Вспоминать ему о ней легко, она часто приходит к нему в снах. Ему снится шум, запахи давно ушедших лет, их окружает музыка и быт того времени, в снах он вновь приходит в парки и кинотеатры своей молодости. Бродвей в час пик, школьные балы и танцы в "Железке"... И повсюду их сопровождают давно забытые ритмы и мелодии.
Его сны – своеобразные ретро-фильмы, где сам он – в главной роли. с собственным участием. Когда ему тяжело, тоска одолевает беспричинно, он заклинает кого-то свыше, властвующего над нашими судьбами: "Пусть приснится моя молодость!" А молодость – это любовь.
Прекрасные сны-фильмы, где через тридцать лет можно разглядеть то, что не удалось увидеть в свое время. Правда, ни один из них не получается досмотреть до конца, они, как в детективном сериале, обрываются на самом интересном месте, и продолжения, как ни заклинай, не бывает. Эти сны-фильмы – одноразовые и для единственного зрителя, и после них очень трудно вписаться в повседневную жизнь. Но ни за что на свете Рушан не отказался бы от своих сновидений.
Когда-то друзья, беззлобно посмеиваясь над его безответной любовью к девочке из соседней железнодорожной школы, говорили: "Не грусти, первая любовь – как корь, переболеешь, встретишь другую и забудешь свою гордую пианистку". Сегодня, считай, жизнь прожита, а он ее не забыл, впрочем, он и тогда чувствовал, что это всерьез и надолго.
Когда в прорабской среди коллег возникают разговоры о первых увлечениях своих детей, которые родители не воспринимают всерьез, у Рушана по лицу пробегает грустная улыбка. Он не вмешивается в такого рода диспуты – кому нужен его душевный опыт? Да и глядя на него, заезженного жизнью одинокого прораба, разве можно предположить, что и его когда-то одолевали страсти, что и он когда-то чувствовал в себе волшебный огонь обжигающей любви, и что воспоминания о ней – самое дорогое, что осталось ему, ими он и жив.

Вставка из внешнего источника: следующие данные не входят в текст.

(* E V_k is additive over the relatively open cells of the level-n grid, so
   E V_k(C_n^1 \cap C_n^4) is the sum over cells c of the contribution of c
   times the probability that c lies in both C_n^1 and C_n^4.  A closed cell
   lies in C_n^j unless every coin on the ancestry of the level-n squares of
   J_j containing it came up "kept"; for j = 1, 4 these sets of coins are
   disjoint, so the probability is (1 - p^a)(1 - p^b), a and b being their
   sizes.  Only cells of the common side of J_1 and J_4 contribute.  Its edges
   and end vertices meet one square on each side, i.e. n coins; the vertex at
   distance i M^-n from the corner meets two squares whose ancestors differ
   exactly at the levels whose grid lines pass through it, i.e.
   n + #{e < n | M^e divides i} coins.  Summing over i turns E V_k into a
   combination of n-th powers of p, p^2, M p and M p^2, so that
   r^(n(D-k)) E V_k is a combination of geometric sequences of ratio < 1, whose
   series sum to the stated rational functions.  By symmetry J_4 may be assumed
   to lie directly above J_1. *)

(** * Independent coins *)

Section IndependentCoins.
Variables (R : comPzRingType) (T : finType) (p : R).

Lemma expect_forall_coins (S : {set T}) :
  \sum_(w : {ffun T -> bool}) (\prod_t (if w t then p else 1 - p)) *
    [forall t in S, w t]%:R = p ^+ #|S|.
Proof.
have indicator w : [forall t in S, w t]%:R = \prod_t (if t \in S then (w t)%:R else 1) :> R.
  case: (boolP [forall t in S, w t]) => [/forall_inP Sw | /forall_inPn [t tS wt]].
    by rewrite big1 // => t _; case: ifP => // /Sw ->.
  by rewrite (bigD1 t) //= tS (negbTE wt) mul0r.
under eq_bigr do rewrite indicator -big_split /=.
rewrite -(bigA_distr_bigA (fun t (b : bool) =>
   (if b then p else 1 - p) * (if t \in S then b%:R else 1))) /=.
rewrite -prodr_const [RHS]big_mkcond; apply: eq_bigr => t _.
by rewrite big_bool /=; case: (t \in S); rewrite ?mulr1 ?mulr0 ?addr0 // addrC subrK.
Qed.

Lemma expect_some_coin_fails_disjoint (A B : {set T}) : [disjoint A & B] ->
  \sum_(w : {ffun T -> bool}) (\prod_t (if w t then p else 1 - p)) *
    (~~ [forall t in A, w t] && ~~ [forall t in B, w t])%:R =
  (1 - p ^+ #|A|) * (1 - p ^+ #|B|).
Proof.
move=> AB; pose kept_on (S : {set T}) (w : {ffun T -> bool}) := [forall t in S, w t].
have keptU w : kept_on (A :|: B) w = kept_on A w && kept_on B w.
  apply/forall_inP/andP => [AUBw | [/forall_inP Aw /forall_inP Bw] t].
    by split; apply/forall_inP => t tX; apply: AUBw; rewrite inE tX ?orbT.
  by rewrite inE => /orP[/Aw | /Bw].
have kept0 w : kept_on finset.set0 w by apply/forall_inP => t; rewrite inE.
have inclusion_exclusion w : (~~ kept_on A w && ~~ kept_on B w)%:R =
    (kept_on finset.set0 w)%:R - (kept_on A w)%:R - (kept_on B w)%:R
    + (kept_on (A :|: B) w)%:R :> R.
  by rewrite kept0 keptU; case: (kept_on A w); case: (kept_on B w) => /=; ring.
under eq_bigr do rewrite inclusion_exclusion !mulrDr !mulrN.
rewrite !big_split /= !sumrN !expect_forall_coins cards0.
rewrite cardsU (disjoint_setI0 AB) cards0 subn0 exprD; ring.
Qed.

End IndependentCoins.

Section CellsAndAncestors.
Variables (R : realType) (M n : nat) (p : R).

Definition cell_Vk (k : nat) (c : cell M n) : R :=
  if k == 0%N then (-1) ^+ cell_dim c
  else if cell_dim c == 1%N then (M%:R ^+ n)^-1
  else if cell_dim c == 2%N then - 2 * (M%:R ^+ n)^-1 else 0.

Lemma Vk_cells k (X : pred (cell M n)) : Vk R k X = \sum_c (X c)%:R * cell_Vk k c.
Proof.
rewrite /Vk /cell_Vk; case: eqP => _; rewrite ?/V0 ?/V1 big_mkcond;
  by apply: eq_bigr => c _; case: (X c); rewrite ?mul1r ?mul0r.
Qed.

Definition ancestor_nodes (S : {set sq M n}) : {set node M n} :=
  [set t : node M n | [exists s in S, t.2 == (anc t.1 s.1, anc t.1 s.2)]].

Definition squares_at (j : 'I_M * 'I_M) (c : cell M n) : {set sq M n} :=
  [set s : sq M n | in_level1 j s && cell_in_sq c s].

Lemma cell_in_C_ancestors w j c :
  cell_in_C w j c = ~~ [forall t in ancestor_nodes (squares_at j c), w t].
Proof.
rewrite /cell_in_C; apply/existsP/idP.
  move=> [s /andP[/andP[js not_kept] cs]]; apply/forall_inP => kept_all.
  move/negP: not_kept; apply; apply/forallP => m.
  by apply: kept_all; rewrite inE; apply/existsP; exists s; rewrite inE js cs /=.
move=> /forall_inPn [t]; rewrite inE => /existsP [s /andP[]].
rewrite inE => /andP[js cs] /eqP t2E wt.
exists s; rewrite /removed_in js cs /= andbT; apply/forallP => kept_s.
by move/negP: wt; apply; have := kept_s t.1; rewrite -t2E -surjective_pairing.
Qed.

Lemma anc_divn (m : 'I_n) (x : 'I_(M ^ n)) : (anc m x %/ M ^ m = x %/ M ^ n.-1)%N.
Proof.
rewrite /anc /= -divnMA -expnD; congr (_ %/ M ^ _)%N.
by have := ltn_ord m; lia.
Qed.

Lemma disjoint_ancestor_nodes j1 j4 c1 c4 : j1 != j4 ->
  [disjoint ancestor_nodes (squares_at j1 c1) & ancestor_nodes (squares_at j4 c4)].
Proof.
move=> /eqP j14; rewrite -setI_eq0; apply/eqP/setP => t; rewrite !inE.
apply/negP => /andP[/existsP[s /andP[s1 /eqP ts]] /existsP[s' /andP[s4 /eqP ts']]].
move: s1 s4; rewrite !inE /in_level1 => /andP[/andP[/eqP s1x /eqP s1y] _].
move=> /andP[/andP[/eqP s4x /eqP s4y] _].
move: ts'; rewrite ts => -[ancx ancy].
apply: j14; case: j1 s1x s1y => x1 y1 /= s1x s1y; case: j4 s4x s4y => x4 y4 /= s4x s4y.
congr pair; apply: val_inj => /=; [rewrite -s1x -s4x | rewrite -s1y -s4y].
  by rewrite -!(anc_divn t.1) /= ancx.
by rewrite -!(anc_divn t.1) /= ancy.
Qed.

Lemma EVk_cells k j1 j4 : j1 != j4 -> @EVk R k M n p j1 j4 =
  \sum_c cell_Vk k c * ((1 - p ^+ #|ancestor_nodes (squares_at j1 c)|) *
                         (1 - p ^+ #|ancestor_nodes (squares_at j4 c)|)).
Proof.
move=> j14; rewrite /EVk; under eq_bigr do rewrite Vk_cells mulr_sumr.
rewrite exchange_big; apply: eq_bigr => c _.
rewrite -expect_some_coin_fails_disjoint ?disjoint_ancestor_nodes // mulr_sumr.
apply: eq_bigr => w _; rewrite /Cint !cell_in_C_ancestors /weight.
by rewrite mulrA mulrC.
Qed.

Lemma card_ancestor_nodes (S : {set sq M n}) : #|ancestor_nodes S| =
  (\sum_(m < n) #|[set (anc m s.1, anc m s.2) | s in S]|)%N.
Proof.
rewrite -sum1_card; under [RHS]eq_bigr do rewrite -sum1_card.
rewrite pair_big_dep /=; apply: eq_bigl => t.
rewrite inE; apply/existsP/imsetP => [[s /andP[sS /eqP ->]] | [s sS ->]].
  by exists s.
by exists s; rewrite sS eqxx.
Qed.

Lemma ancestor_nodes0 : ancestor_nodes finset.set0 = finset.set0.
Proof. by apply/setP => t; rewrite !inE; apply/existsP => -[s]; rewrite inE. Qed.

Lemma card_ancestor_nodes1 (s : sq M n) : #|ancestor_nodes [set s]| = n.
Proof.
rewrite card_ancestor_nodes; under eq_bigr do rewrite imset_set1 cards1.
by rewrite sum_nat_const card_ord muln1.
Qed.

Lemma card_ancestor_nodes2 (s0 s1 : sq M n) : s0.2 = s1.2 ->
  #|ancestor_nodes [set s0; s1]| = (n + \sum_(m < n) (anc m s0.1 != anc m s1.1))%N.
Proof.
move=> s01; rewrite card_ancestor_nodes.
under eq_bigr do rewrite imsetU1 imset_set1 cards2 xpair_eqE s01 eqxx andbT -add1n.
by rewrite big_split /= sum_nat_const card_ord muln1.
Qed.

End CellsAndAncestors.

Section Transposition.
Variables (R : realType) (M n : nat) (p : R).

Definition transpose_node (t : node M n) : node M n := (t.1, swap_pair t.2).

Lemma transpose_nodeK : involutive transpose_node.
Proof. by case=> m [x y]. Qed.

Definition transpose_config (w : config M n) : config M n :=
  [ffun t => w (transpose_node t)].

Lemma transpose_configK : involutive transpose_config.
Proof. by move=> w; apply/ffunP => t; rewrite !ffunE transpose_nodeK. Qed.

Lemma weight_transpose w : weight p (transpose_config w) = weight p w.
Proof.
rewrite /weight (reindex_inj (inv_inj transpose_nodeK)) /=.
by apply: eq_bigr => t _; rewrite ffunE transpose_nodeK.
Qed.

Lemma removed_in_transpose w j s :
  removed_in (transpose_config w) (swap_pair j) s = removed_in w j (swap_pair s).
Proof.
rewrite /removed_in /in_level1 /= [X in X && _]andbC; congr (_ && ~~ _).
by apply: eq_forallb => m; rewrite ffunE.
Qed.

Lemma cell_in_sq_swap (c : cell M n) s :
  cell_in_sq (swap_pair c) s = cell_in_sq c (swap_pair s).
Proof. by rewrite /cell_in_sq /=; apply/idP/idP => /and4P[? ? ? ?]; apply/and4P. Qed.

Lemma cell_in_C_transpose w j c :
  cell_in_C (transpose_config w) (swap_pair j) (swap_pair c) = cell_in_C w j c.
Proof.
rewrite /cell_in_C; apply/existsP/existsP => -[s cs]; exists (swap_pair s).
  by rewrite -removed_in_transpose -cell_in_sq_swap.
by rewrite removed_in_transpose cell_in_sq_swap !swap_pairK.
Qed.

Lemma EVk_transpose k j1 j4 :
  @EVk R k M n p (swap_pair j1) (swap_pair j4) = @EVk R k M n p j1 j4.
Proof.
rewrite /EVk (reindex_inj (inv_inj transpose_configK)) /=.
apply: eq_bigr => w _; rewrite weight_transpose; congr (_ * _).
rewrite !(Vk_cells R) (reindex_inj (can_inj swap_pairK)) /=.
apply: eq_bigr => c _; rewrite /Cint !cell_in_C_transpose.
by rewrite /cell_Vk /cell_dim /= addnC.
Qed.

Lemma EVkC k j1 j4 : @EVk R k M n p j1 j4 = @EVk R k M n p j4 j1.
Proof.
rewrite /EVk; apply: eq_bigr => w _; rewrite !(Vk_cells R); congr (_ * _).
by apply: eq_bigr => c _; rewrite /Cint andbC.
Qed.

End Transposition.

Lemma adjacent_sides_stacked (R : realType) (M : nat) (p : R) (j1 j4 : 'I_M * 'I_M) :
  adjacent_sides j1 j4 -> exists i1 i4 : 'I_M * 'I_M,
    [/\ i4.1 = i1.1, (i4.2 : nat) = i1.2.+1 &
        forall k n, @EVk R k M n p j1 j4 = @EVk R k M n p i1 i4].
Proof.
case/orP => /andP[/eqP e /orP[] /eqP e'].
- by exists j1, j4.
- by exists j4, j1; split => // k n; rewrite EVkC.
- by exists (swap_pair j1), (swap_pair j4); split => //= k n; rewrite EVk_transpose.
- by exists (swap_pair j4), (swap_pair j1); split => //= k n; rewrite EVk_transpose EVkC.
Qed.

Lemma sum_ord_even_odd (V : nmodType) (g : nat -> V) (K : nat) :
  \sum_(t < (2 * K).+1) g t = \sum_(i < K.+1) g (2 * i)%N + \sum_(i < K) g (2 * i).+1.
Proof.
elim: K => [|K IH]; first by rewrite !big_ord1 big_ord0 addr0.
rewrite mulnS -[(2 + 2 * K)%N]/((2 * K).+2).
rewrite big_ord_recr [in LHS]big_ord_recr IH /=.
rewrite [\sum_(i < K.+2) _]big_ord_recr [\sum_(i < K.+1) g (2 * i).+1]big_ord_recr /=.
by rewrite mulnS [RHS]addrACA -addrA [g _ + g _]addrC addrA.
Qed.

(* The indicators [d ^ e %| i] are nonincreasing in [e], so the power telescopes. *)
Lemma expr_sum_dvdn_exp (R : comPzRingType) (q : R) (d i N : nat) :
  q ^+ (\sum_(e < N) (d ^ e %| i))%N =
  1 + \sum_(e < N) (d ^ e %| i)%N%:R * (q ^+ e.+1 - q ^+ e).
Proof.
elim: N => [|N IH]; first by rewrite !big_ord0 expr0 addr0.
rewrite !big_ord_recr /=; case: (boolP (d ^ N %| i)%N) => [dNi | _]; last first.
  by rewrite addn0 IH mul0r addr0.
have de_i (e : 'I_N) : (d ^ e %| i)%N.
  by apply: dvdn_trans dNi; apply: dvdn_exp2l; exact: ltnW (ltn_ord e).
under eq_bigr do rewrite de_i.
under [in RHS]eq_bigr do rewrite de_i mul1r.
rewrite sum_nat_const card_ord muln1.
rewrite -(big_mkord xpredT (fun e => q ^+ e.+1 - q ^+ e)) telescope_sumr //.
by rewrite addn1 mul1r expr0; ring.
Qed.

Lemma divn_pred_neq (x d : nat) : (0 < d)%N -> (0 < x)%N ->
  (x.-1 %/ d != x %/ d)%N = (d %| x)%N.
Proof.
case: x => // y d_gt0 _; rewrite divnS //=.
by case: (d %| y.+1)%N; rewrite ?add0n ?eqxx // add1n neq_ltn ltnSn.
Qed.

Lemma sum_dvdn_mul (c d : nat) : (0 < d)%N ->
  (\sum_(0 <= i < c * d) (d %| i))%N = c.
Proof.
move=> d_gt0; elim: c => [|c IH]; first by rewrite mul0n big_geq.
rewrite mulSnr (@big_cat_nat _ _ _ (c * d)) //= ?leq_addr // IH.
rewrite -{1}(add0n (c * d)%N) big_addn addKn.
under eq_bigr do rewrite dvdn_addl ?dvdn_mull //.
rewrite big_ltn // dvdn0 big1_seq ?addn0 ?addn1 // => i /andP[_].
rewrite mem_index_iota => /andP[i_gt0 i_lt].
by case: (boolP (d %| i)%N) => // /(dvdn_leq i_gt0); lia.
Qed.

Lemma sum_dvdn_exp (M n e : nat) : (0 < M)%N -> (e < n)%N ->
  (\sum_(1 <= i < M ^ n.-1) (M ^ e %| i))%N = (M ^ (n.-1 - e) - 1)%N.
Proof.
move=> M_gt0 e_lt.
have Mn : (M ^ n.-1 = M ^ (n.-1 - e) * M ^ e)%N by rewrite -expnD subnK //; lia.
have Me_gt0 : (0 < M ^ e)%N by rewrite expn_gt0 M_gt0.
have := sum_dvdn_mul (M ^ (n.-1 - e)) Me_gt0.
by rewrite -Mn big_ltn ?expn_gt0 ?M_gt0 // dvdn0; lia.
Qed.

Lemma sum_expr_sum_dvdn_exp (R : fieldType) (M n : nat) (q : R) :
  (0 < M)%N -> (0 < n)%N -> q != M%:R ->
  \sum_(1 <= i < M ^ n.-1) q ^+ (\sum_(e < n) (M ^ e %| i))%N =
  ((M ^ n.-1)%:R - 1) + (q - 1) * ((M%:R ^+ n - q ^+ n) / (M%:R - q)) - (q ^+ n - 1).
Proof.
move=> M_gt0 n_gt0 qM.
under eq_bigr do rewrite expr_sum_dvdn_exp.
rewrite big_split /= sumr_const_nat exchange_big /=.
under eq_bigr => e _ do rewrite -mulr_suml -natr_sum (sum_dvdn_exp M_gt0 (ltn_ord e)).
under eq_bigr => e _ do rewrite natrB ?expn_gt0 ?M_gt0 // natrX.
have -> : \sum_(e < n) ((M%:R ^+ (n.-1 - e) - 1) * (q ^+ e.+1 - q ^+ e)) =
    (q - 1) * \sum_(e < n) (M%:R ^+ (n.-1 - e) * q ^+ e)
    - \sum_(e < n) (q ^+ e.+1 - q ^+ e).
  by rewrite mulr_sumr -sumrB; apply: eq_bigr => e _; rewrite exprS; ring.
have Mq : M%:R - q != 0 by rewrite subr_eq0 eq_sym.
rewrite -(big_mkord xpredT (fun e => q ^+ e.+1 - q ^+ e)) telescope_sumr // expr0.
rewrite subrXX [(_ - q) * _]mulrC mulfK //.
by rewrite natrB ?expn_gt0 ?M_gt0 // addrA.
Qed.

(** * The common side of two stacked level-1 squares *)

Section CommonSide.
Variables (R : realType) (M n : nat) (p : R) (j1 j4 : 'I_M * 'I_M).
Hypotheses (n_gt0 : (0 < n)%N) (j4x : j4.1 = j1.1) (j4y : (j4.2 : nat) = j1.2.+1).

(* In level-n units, J_1 is the square [a K, a K + K] x [b K, b K + K] and
   J_4 lies on top of it.  In doubled coordinates the cells of the common side
   are [side_cell t], t <= 2 K; [row_squares Y t] are the level-n squares of
   row Y, inside the column of J_1, that contain the abscissa of
   [side_cell t]. *)
Let K := (M ^ n.-1)%N.
Let a := (j1.1 : nat).
Let b := (j1.2 : nat).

"Воспоминания – единственный рай, откуда нас невозможно изгнать", –вычитал он где-то и запомнил на всю жизнь.
Возвращаясь памятью к девочке с нотной папкой в руках, он мучился сознанием того, что заглянувший ненароком в эту его ненаписанную "книгу" мог бы резонно спросить: "Разве ты не любил Глорию? А как же Светланка Резникова? Или Ниночка Новова? Наконец, Валя Домарова?.." Рушан, привыкший отвечать за свою поступки и никогда не прятавшийся за словеса и чужие спины, сникал от этого незаданного вопроса. Может, потому он и не спешил откровенничать о себе?
Наверное, человек более тонкий, чем прораб, – художник, например, писатель или артист, – легко разобрался бы в своих симпатиях, тем более давних, ныне ни к чему не обязывающих, но для Рушана это стало непреодолимой преградой: он не хотел унижать в воспоминаниях ни себя, ни своих любимых, ни тех привязанностей, которыми дорожил. Поэтому он и затруднялся заполнять страницы своей "книги" событиями личной жизни, где каждой из его подруг нашлось достойное место. И вдруг он нашел ход к познанию себя, того давнего, и всех своих привязанностей.